If Pharaoh’s daughter didn’t name Moses as the text says she did, avers
Jeremy, then the author who wrote that she did erred in so writing. At
stake here, it would seem, is whether Pharoah’s daughter was fluent in proto-Hebrew and named
Moses accordingly.
What of it? On its face, the assumption that Pharaoh's daughter was fluent in proto-Hebrew and named Moses accordingly
is unlikely, though not impossible, from a historical point of view. More to
the point, the assumption that Pharaoh's daughter was fluent in proto-Hebrew and named Moses accordingly is not
required by the text. This last point will strike many as
odd. So let me lay matters out carefully.
At issue, as said before, are the literary conventions the author of this text adhered to. Among biblical scholars, it is almost a truism that the narratives in Genesis and Exodus dramatize and bring to life the events which led to the establishment of the people of Israel in the promised land, not on the basis of oral and completely accurate memories of actual conversations, but on the basis of a wide variety of folk traditions and retrospective theological interpretation thereof. In so doing, the authors generally but not consistently adhered to the principle of maintaining verisimilitude in the fleshing out of details.
From a theological point of view, for
anyone who believes that the Bible is God’s revelation to his people – all traditional
Jews and Christians do - if that's what the author(s) of Genesis and Exodus
did, it would mean that God allowed them to express themselves according to the
literary conventions of the time. In point of fact, you can't find an ancient
writing whose subject matter is ethnogenesis that does not do as biblical
scholars generally suggest the narratives of Genesis and Exodus do.
Traditionalists – and I count myself as a traditionalist – have nevertheless often resisted this conclusion. That's fine by me, so long as I am not forced to do likewise, and tarred as a heretic if I do not follow the same well-worn path.
Calvin himself held that we have a faithful record of the conversations which took place between God, Adam and Eve, and the Snake because they were orally transmitted from one generation to the next all the way to Moses.

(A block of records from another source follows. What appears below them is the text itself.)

Lemma sqsum_filter f (P : V -> bool) l :
  (forall z, In z l -> P z = false -> f z = 0) -> sqsum f (filter P l) = sqsum f l.
Proof.
  induction l as [| a l IH]; simpl; intro H; [reflexivity |].
  destruct (P a) eqn:E; simpl; rewrite IH; auto.
  rewrite H; auto. ring.
Qed.

Lemma sqsum_le_length f l h :
  (forall z, In z l -> Rabs (f z) <= h) -> sqsum f l <= INR (length l) * h ^ 2.
Proof.
  induction l as [| a l IH]; intro H; [simpl; lra |].
  unfold sqsum; cbn [fold_right length]; fold (sqsum f l). rewrite S_INR.
  assert (f a ^ 2 <= h ^ 2).
  { rewrite <- (pow2_abs (f a)). specialize (H a (or_introl eq_refl)).
    pose proof (Rabs_pos (f a)). nra. }
  specialize (IH (fun z Hz => H z (or_intror Hz))). lra.
Qed.

(* Only the (at most [length root]) distinct points of [l] lying in [root] count. *)
Lemma sqsum_le_support f l (root : list V) h :
  NoDup l -> (forall z, In z l -> ~ In z root -> f z = 0) ->
  (forall z, In z root -> Rabs (f z) <= h) -> sqsum f l <= INR (length root) * h ^ 2.
Proof.
  intros Hl Hsupp Hh.
  rewrite <- (sqsum_filter f (inb root)).
  2: { intros z Hz Hn. apply Hsupp, inb_false; assumption. }
  assert (Hlen : (length (filter (inb root) l) <= length root)%nat).
  { apply NoDup_incl_length; [apply NoDup_filter, Hl |].
    intros z Hz. apply filter_In in Hz. apply inb_spec, Hz. }
  eapply Rle_trans.
  - apply sqsum_le_length. intros z Hz. apply filter_In in Hz.
    apply Hh, inb_spec, Hz.
  - apply Rmult_le_compat_r; [apply pow2_ge_0 | apply le_INR, Hlen].
Qed.

Definition dot f g l : R := fold_right (fun z s => f z * g z + s) 0 l.

Lemma cauchy_schwarz f g l : dot f g l ^ 2 <= sqsum f l * sqsum g l.
Proof.
  induction l as [| a l IH]; simpl; [lra |].
  pose proof (sqsum_nonneg f l) as HA. pose proof (sqsum_nonneg g l) as HB.
  set (A := sqsum f l) in *. set (B := sqsum g l) in *. set (C := dot f g l) in *.
  set (x := f a). set (y := g a).
  assert (Hxy : 2 * C * x * y <= A * y ^ 2 + B * x ^ 2).
  { assert (Hs : 0 <= A * y ^ 2 + B * x ^ 2)
      by (pose proof (pow2_ge_0 x); pose proof (pow2_ge_0 y); nra).
    assert (Hsq : (2 * C * x * y) ^ 2 <= (A * y ^ 2 + B * x ^ 2) ^ 2).
    { assert (0 <= x ^ 2 * y ^ 2 * (A * B - C ^ 2))
        by (apply Rmult_le_pos; [apply Rmult_le_pos; apply pow2_ge_0 | lra]).
      pose proof (pow2_ge_0 (A * y ^ 2 - B * x ^ 2)). nra. }
    nra. }
  nra.
Qed.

That would be really cool if it were so. But I happen to think that another explanation for a number of features
of the narrative is more likely, and don’t think I am less Reformed or
evangelical or orthodox in my theology because I do.
In short, two separate questions are at issue. Do the narratives of Genesis and Exodus adhere to genre conventions amply attested in comparable antique literature, or are the narratives sui generis, one of a kind, not only in terms of content – an obvious fact, no matter how often some may deny it - but also in form?
Secondly, does the classical doctrine of scripture of Jewish and Christian tradition stand or fall on the assumption that the narratives of Genesis and Exodus are sui generis, and have little or nothing in common in terms of genre conventions, despite appearances, with comparable literature from antiquity?
I don’t think the narratives are sui generis in terms of literary genre. Furthermore, the narratives are more compelling, not less, because they aren’t.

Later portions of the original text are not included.